(Dataset content)
Lemma lin_inD g : lin_in g -> {morph g : x y / x + y}.
Proof. by move=> hg x y; have := hg 1 x y; rewrite !scale1r. Qed.

Lemma lin_in0 g : lin_in g -> g 0 = 0.
Proof. by move=> hg; apply: (addIr (g 0)); rewrite -(lin_inD hg) !add0r. Qed.

Lemma lin_inZ g : lin_in g -> forall a, {morph g : x / a *: x}.
Proof. by move=> hg a x; have := hg a x 0; rewrite !addr0 (lin_in0 hg) addr0. Qed.

Lemma lin_in_sum g I (r : seq I) (G : I -> H) : lin_in g ->
  g (\sum_(i <- r) G i) = \sum_(i <- r) g (G i).
Proof. by move=> hg; apply: big_morph; [apply: lin_inD | apply: lin_in0]. Qed.

Lemma lin_in_sumZ g I (r : seq I) (c : I -> k) (G : I -> H) : lin_in g ->
  g (\sum_(i <- r) c i *: G i) = \sum_(i <- r) c i *: g (G i).
Proof.
by move=> hg; rewrite lin_in_sum //; apply: eq_bigr => i _; rewrite lin_inZ.
Qed.

Lemma lin_in_big I (r : seq I) (F : I -> H -> W) :
  (forall i, lin_in (F i)) -> lin_in (fun a => \sum_(i <- r) F i a).
Proof.
move=> hF a x y; rewrite scaler_sumr -big_split /=.
by apply: eq_bigr => i _; rewrite hF.
Qed.

Definition bilin (f : H -> H -> W) :=
  (forall b, lin_in (f^~ b)) /\ (forall a, lin_in (f a)).

Definition trilin (f : H -> H -> H -> W) :=
  [/\ forall b c, lin_in (fun a => f a b c), forall a c, lin_in (fun b => f a b c)
    & forall a b, lin_in (f a b)].

Lemma bilinDl f : bilin f -> forall b a x y, f (a *: x + y) b = a *: f x b + f y b.
Proof. by case. Qed.

Lemma bilinDr f : bilin f -> forall a b x y, f a (b *: x + y) = b *: f a x + f a y.
Proof. by case. Qed.

Lemma bilinZl f : bilin f -> forall b a x, f (a *: x) b = a *: f x b.
Proof. by case=> hf _ b; apply: lin_inZ. Qed.

Lemma bilinZr f : bilin f -> forall a b x, f a (b *: x) = b *: f a x.
Proof. by case=> _ hf a; apply: lin_inZ. Qed.

End Linearity.

Section Hopf.
Variables (k : fieldType) (H : algType k).
Variables (D : H -> seq (H * H)) (e : H -> k) (S : H -> H).
Hypothesis hH : hopf_algebra D e S.

Lemma lin_antipode : lin_in S.
Proof. exact: hS_lin hH. Qed.

(* [linearity] closes [lin_in] goals for expressions built from the ring and
   module operations, [S], [e], finite sums and the [bilin]/[lin_in]
   hypotheses in the context. *)
Ltac rewrite_lin_hyps := repeat match goal with
  | hf : bilin _ |- _ =>
      progress rewrite ?(bilinDl hf) ?(bilinDr hf) ?(bilinZl hf) ?(bilinZr hf)
  | hg : lin_in _ |- _ => progress rewrite ?hg ?(lin_inZ hg)
  end.

Ltac linearity :=
  repeat (apply: lin_in_big => ?); move=> ? ? ? /=;
  repeat progress (rewrite ?mulrDr ?mulrDl -?scalerAr -?scalerAl ?lin_antipode
    ?(he_lin hH) ?scalerDl -?scalerA ?scalerDr; rewrite_lin_hyps);
  first [ done | by rewrite !scalerA mulrC
        | by rewrite !scalerA; congr (_ + _); congr (_ *: _); rewrite mulrC ].
Ltac bilinearity := split=> ?; linearity.
Ltac trilinearity := split=> ? ?; linearity.

Section Sums.
Variable W : lmodType k.

Lemma lin_in_comul (G : H * H -> W) :
  bilin (fun a b => G (a, b)) -> lin_in (fun h => \sum_(p <- D h) G p).
Proof.
case=> hl hr a x y.
have pairE h : \sum_(p <- D h) G p = \sum_(p <- D h) G (p.1, p.2).
  by apply: eq_bigr => -[].
rewrite !pairE (hD_lin hH a x y hl hr) big_cat big_map /= scaler_sumr.
by congr (_ + _); apply: eq_bigr => -[u v] _; rewrite /= (lin_inZ (hl v)).
Qed.

Lemma big_coassoc h (f : H -> H -> H -> W) : trilin f ->
  \sum_(p <- D h) \sum_(q <- D p.1) f q.1 q.2 p.2 =
  \sum_(p <- D h) \sum_(q <- D p.2) f p.1 q.1 q.2.
Proof. by case=> h1 h2 h3; have := hD_coassoc hH h h1 h2 h3; rewrite !big_allpairs_dep. Qed.

Lemma big_comulM x y (f : H -> H -> W) : bilin f ->
  \sum_(p <- D (x * y)) f p.1 p.2 =
  \sum_(p <- D x) \sum_(q <- D y) f (p.1 * q.1) (p.2 * q.2).
Proof. by case=> h1 h2; have := hD_mul hH x y h1 h2; rewrite big_allpairs_dep. Qed.

Lemma big_comul1 (f : H -> H -> W) : bilin f -> \sum_(p <- D 1) f p.1 p.2 = f 1 1.
Proof. by case=> h1 h2; have := hD_one hH h1 h2; rewrite big_seq1. Qed.

Lemma big_counitl (F : H -> W) h : lin_in F -> \sum_(p <- D h) e p.1 *: F p.2 = F h.
Proof. by move=> hF; rewrite -{2}(he_counitl hH h) lin_in_sumZ. Qed.

Lemma big_counitr (F : H -> W) h : lin_in F -> \sum_(p <- D h) e p.2 *: F p.1 = F h.
Proof. by move=> hF; rewrite -{2}(he_counitr hH h) lin_in_sumZ. Qed.

Lemma big_antipodel (F : H -> W) h : lin_in F ->
  \sum_(p <- D h) F (S p.1 * p.2) = e h *: F 1.
Proof. by move=> hF; rewrite -lin_in_sum // (hS_antipodel hH) lin_inZ. Qed.

Lemma big_antipoder (F : H -> W) h : lin_in F ->
  \sum_(p <- D h) F (p.1 * S p.2) = e h *: F 1.
Proof. by move=> hF; rewrite -lin_in_sum // (hS_antipoder hH) lin_inZ. Qed.

End Sums.

Lemma antipode1 : S 1 = 1.
Proof.
have := hS_antipodel hH 1; rewrite (he_one hH) scale1r.
by rewrite (big_comul1 (f := fun a b => S a * b)) ?mulr1 //; bilinearity.
Qed.

Lemma antipodeM_left x y :
  \sum_(p <- D x) \sum_(q <- D p.1) \sum_(p' <- D y) \sum_(q' <- D p'.1)
    S (q.1 * q'.1) * (q.2 * q'.2) * S p'.2 * S p.2 = S y * S x.
Proof.
transitivity (\sum_(p <- D x) \sum_(p' <- D y) (e p.1 * e p'.1) *: (S p'.2 * S p.2)).
  apply: eq_bigr => p _; rewrite exchange_big; apply: eq_bigr => p' _.
  rewrite -(big_comulM _ _ (f := fun a b => S a * b * S p'.2 * S p.2)); last by bilinearity.
  rewrite (big_antipodel (F := fun z => z * S p'.2 * S p.2)) ?mul1r ?(he_mul hH) //.
  by linearity.
transitivity (\sum_(p <- D x) e p.1 *: (S y * S p.2)).
  apply: eq_bigr => p _.
  rewrite -(big_counitl (F := fun z => S z * S p.2)); last by linearity.
  by rewrite scaler_sumr; apply: eq_bigr => p' _; rewrite scalerA.
by rewrite (big_counitl (F := fun z => S y * S z)) //; linearity.
Qed.

Lemma antipodeM_right x y :
  \sum_(p <- D x) \sum_(q <- D p.2) \sum_(p' <- D y) \sum_(q' <- D p'.2)
    S (p.1 * p'.1) * (q.1 * q'.1) * S q'.2 * S q.2 = S (x * y).
Proof.
have inner a b c h : \sum_(r <- D h) a * (b * r.1) * S r.2 * c = e h *: (a * b * c).
  transitivity (\sum_(r <- D h) (fun z => a * b * z * c) (r.1 * S r.2)).
    by apply: eq_bigr => r _; rewrite /= !mulrA.
  by rewrite (big_antipoder (F := fun z => a * b * z * c)) ?mulr1 //; linearity.
transitivity (\sum_(p <- D x) \sum_(p' <- D y) e p'.2 *: (e p.2 *: S (p.1 * p'.1))).
  apply: eq_bigr => p _; rewrite exchange_big; apply: eq_bigr => p' _.
  under eq_bigr do rewrite inner.
  rewrite -scaler_sumr; congr (_ *: _).
  transitivity (\sum_(q <- D p.2) (fun z => S (p.1 * p'.1) * z) (q.1 * S q.2)).
    by apply: eq_bigr => q _; rewrite /= !mulrA.
  by rewrite (big_antipoder (F := fun z => S (p.1 * p'.1) * z)) ?mulr1 //; linearity.
transitivity (\sum_(p <- D x) e p.2 *: S (p.1 * y)).
  apply: eq_bigr => p _.
  rewrite -(big_counitr (F := fun z => S (p.1 * z)) y); last by linearity.
  by rewrite scaler_sumr; apply: eq_bigr => p' _; rewrite !scalerA mulrC.
by rewrite (big_counitr (F := fun z => S (z * y))) //; linearity.
Qed.

Lemma antipodeM x y : S (x * y) = S y * S x.
Proof.
rewrite -antipodeM_left -antipodeM_right.
rewrite (big_coassoc x (f := fun a1 a2 a3 => \sum_(p' <- D y) \sum_(q' <- D p'.1)
    S (a1 * q'.1) * (a2 * q'.2) * S p'.2 * S a3)); last by trilinearity.
apply: eq_bigr => p _; apply: eq_bigr => q _.
by rewrite (big_coassoc y (f := fun b1 b2 b3 => S (p.1 * b1) * (q.1 * b2) * S b3 * S q.2)) //;
  trilinearity.
Qed.

Lemma antipode2M x y : S (S (x * y)) = S (S x) * S (S y).
Proof. by rewrite !antipodeM. Qed.

Section InverseAntipode.
Variable Si : H -> H.
Hypotheses (SiK : cancel S Si) (SKi : cancel Si S).

Lemma lin_inv_antipode : lin_in Si.
Proof.
by move=> a x y; apply: (can_inj SiK); rewrite lin_antipode !SKi.
Qed.

Lemma big_inv_antipode (W : lmodType k) (F : H -> W) h : lin_in F ->
  \sum_(p <- D h) F (Si p.2 * p.1) = e h *: F 1.
Proof.
move=> hF; rewrite -lin_in_sum // -(lin_inZ hF); congr (F _); apply: (can_inj SiK).
rewrite (lin_in_sum _ _ lin_antipode); under eq_bigr do rewrite antipodeM SKi.
by rewrite (hS_antipodel hH) (lin_inZ lin_antipode) antipode1.
Qed.
End InverseAntipode.

Definition sadj (y h : H) : H := \sum_(c <- D h) S c.2 * y * c.1.

Lemma lin_sadj y : lin_in (sadj y).
Proof.
by apply: (lin_in_comul (G := fun c => S c.2 * y * c.1)); bilinearity.
Qed.

Lemma big_antipode2_sadj y h :
  \sum_(d <- D h) S (S d.2) * sadj y d.1 = y * h.
Proof.
transitivity (\sum_(d <- D h) \sum_(c <- D d.1) S (S d.2) * (S c.2 * y * c.1)).
  by apply: eq_bigr => d _; rewrite mulr_sumr.
rewrite (big_coassoc h (f := fun a b c => S (S c) * (S b * y * a))) /=;
  last by trilinearity.
transitivity (\sum_(d <- D h) e d.2 *: (y * d.1)).
  apply: eq_bigr => d _.
  transitivity (\sum_(c <- D d.2) (fun z => S z * y * d.1) (c.1 * S c.2)).
    by apply: eq_bigr => c _; rewrite /= antipodeM !mulrA.
  by rewrite (big_antipoder (F := fun z => S z * y * d.1)) ?antipode1 ?mul1r //; linearity.
by rewrite (big_counitr (F := fun z => y * z)) //; linearity.
Qed.

Section Quasitriangular.
Variable R : seq (H * H).
Hypothesis hR : semiquasitriangular D S R.

Section RSums.
Variable W : lmodType k.

Lemma big_R_comul_l (f : H -> H -> H -> W) : trilin f ->
  \sum_(p <- R) \sum_(q <- D p.1) f q.1 q.2 p.2 =
  \sum_(p <- R) \sum_(q <- R) f p.1 q.1 (p.2 * q.2).
Proof. by case=> h1 h2 h3; have := sq1 hR h1 h2 h3; rewrite !big_allpairs_dep. Qed.

Lemma big_R_comul_r (f : H -> H -> H -> W) : trilin f ->
  \sum_(p <- R) \sum_(q <- D p.2) f p.1 q.1 q.2 =
  \sum_(p <- R) \sum_(q <- R) f (p.1 * q.1) q.2 p.2.
Proof. by case=> h1 h2 h3; have := sq2 hR h1 h2 h3; rewrite !big_allpairs_dep. Qed.

Lemma big_R_comul_cop_r (f : H -> H -> H -> W) : trilin f ->
  \sum_(p <- R) \sum_(d <- D p.2) \sum_(q <- R) f p.1 (d.2 * q.1) (d.1 * q.2) =
  \sum_(p <- R) \sum_(d <- D p.2) \sum_(q <- R) f p.1 (q.1 * d.1) (q.2 * d.2).
Proof.
case=> h1 h2 h3; have := sq3 hR h1 h2 h3; rewrite !big_allpairs_dep /=.
by under eq_bigr do rewrite big_allpairs; under [RHS]eq_bigr do rewrite big_allpairs.
Qed.

Lemma big_R_comul_cop_l (f : H -> H -> H -> W) : trilin f ->
  \sum_(p <- R) \sum_(d <- D p.1) \sum_(q <- R) f (d.2 * q.1) (d.1 * q.2) p.2 =
  \sum_(p <- R) \sum_(d <- D p.1) \sum_(q <- R) f (q.1 * d.1) (q.2 * d.2) p.2.
Proof.
case=> h1 h2 h3; have := sq4 hR h1 h2 h3; rewrite !big_allpairs_dep /=.
by under eq_bigr do rewrite big_allpairs; under [RHS]eq_bigr do rewrite big_allpairs.
Qed.

End RSums.

Section RInverse.
Variable Ri : seq (H * H).
Hypothesis hRi : teq2 (tmul2 R Ri) [:: (1, 1)].

Lemma big_R_Rinv (W : lmodType k) (f : H -> H -> W) : bilin f ->
  \sum_(p <- R) \sum_(q <- Ri) f (p.1 * q.1) (p.2 * q.2) = f 1 1.
Proof. by case=> h1 h2; have := hRi h1 h2; rewrite big_allpairs_dep big_seq1. Qed.

Lemma R_lcancel u v :
  (forall (W : lmodType k) (f : H -> H -> W), bilin f ->
     \sum_(p <- R) f (u * p.1) (v * p.2) = \sum_(p <- R) f p.1 p.2) ->
  forall (W : lmodType k) (g : H -> H -> W), bilin g -> g u v = g 1 1.
Proof.
move=> uvR W g hg; rewrite -(big_R_Rinv hg).
rewrite -(uvR _ (fun a b => \sum_(q <- Ri) g (a * q.1) (b * q.2))); last by bilinearity.
rewrite -[in LHS](mulr1 u) -[in LHS](mulr1 v).
rewrite -(big_R_Rinv (f := fun a b => g (u * a) (v * b))); last by bilinearity.
by apply: eq_bigr => p _; apply: eq_bigr => q _; rewrite !mulrA.
Qed.

Lemma counit_R1 : \sum_(p <- R) e p.1 *: p.2 = 1.
Proof.
set c := \sum_(p <- R) e p.1 *: p.2.
have cR (W : lmodType k) (f : H -> H -> W) : bilin f ->
    \sum_(p <- R) f (1 * p.1) (c * p.2) = \sum_(p <- R) f p.1 p.2.
  move=> hf; symmetry.
  transitivity (\sum_(p <- R) \sum_(q <- D p.1) e q.1 *: f q.2 p.2).
    by apply: eq_bigr => p _; rewrite (big_counitl (F := f^~ p.2)) //; case: hf.
  rewrite (big_R_comul_l (f := fun a b z => e a *: f b z)); last by trilinearity.
  rewrite exchange_big; apply: eq_bigr => q _ /=.
  rewrite mul1r mulr_suml (lin_in_sum _ _ (hf.2 q.1)); apply: eq_bigr => p _.
  by rewrite -scalerAl bilinZr.
have := R_lcancel cR (g := fun a b => e a *: b); rewrite /= (he_one hH) !scale1r.
by apply; bilinearity.
Qed.

Lemma counit_R2 : \sum_(p <- R) e p.2 *: p.1 = 1.
Proof.
set c := \sum_(p <- R) e p.2 *: p.1.
have cR (W : lmodType k) (f : H -> H -> W) : bilin f ->
    \sum_(p <- R) f (c * p.1) (1 * p.2) = \sum_(p <- R) f p.1 p.2.
  move=> hf; symmetry.
  transitivity (\sum_(p <- R) \sum_(q <- D p.2) e q.2 *: f p.1 q.1).
    by apply: eq_bigr => p _; rewrite (big_counitr (F := f p.1)) //; case: hf.
  rewrite (big_R_comul_r (f := fun a b z => e z *: f a b)); last by trilinearity.
  rewrite exchange_big; apply: eq_bigr => q _ /=.
  rewrite mul1r mulr_suml (lin_in_sum _ _ (hf.1 q.2)); apply: eq_bigr => p _.
  by rewrite -scalerAl bilinZl.
have := R_lcancel cR (g := fun a b => e b *: a); rewrite /= (he_one hH) !scale1r.
by apply; bilinearity.
Qed.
(End Dataset content)
**Your task**
Taking the material above, extract exactly and only the lines from the line with "Lemma big_R_comul_cop_l (f" to the line with "Hypothesis hRi : teq2", inclusive of both.

**Task result**
Lemma big_R_comul_cop_l (f : H -> H -> H -> W) : trilin f ->
  \sum_(p <- R) \sum_(d <- D p.1) \sum_(q <- R) f (d.2 * q.1) (d.1 * q.2) p.2 =
  \sum_(p <- R) \sum_(d <- D p.1) \sum_(q <- R) f (q.1 * d.1) (q.2 * d.2) p.2.
Proof.
case=> h1 h2 h3; have := sq4 hR h1 h2 h3; rewrite !big_allpairs_dep /=.
by under eq_bigr do rewrite big_allpairs; under [RHS]eq_bigr do rewrite big_allpairs.
Qed.

End RSums.

Section RInverse.
Variable Ri : seq (H * H).
Hypothesis hRi : teq2 (tmul2 R Ri) [:: (1, 1)].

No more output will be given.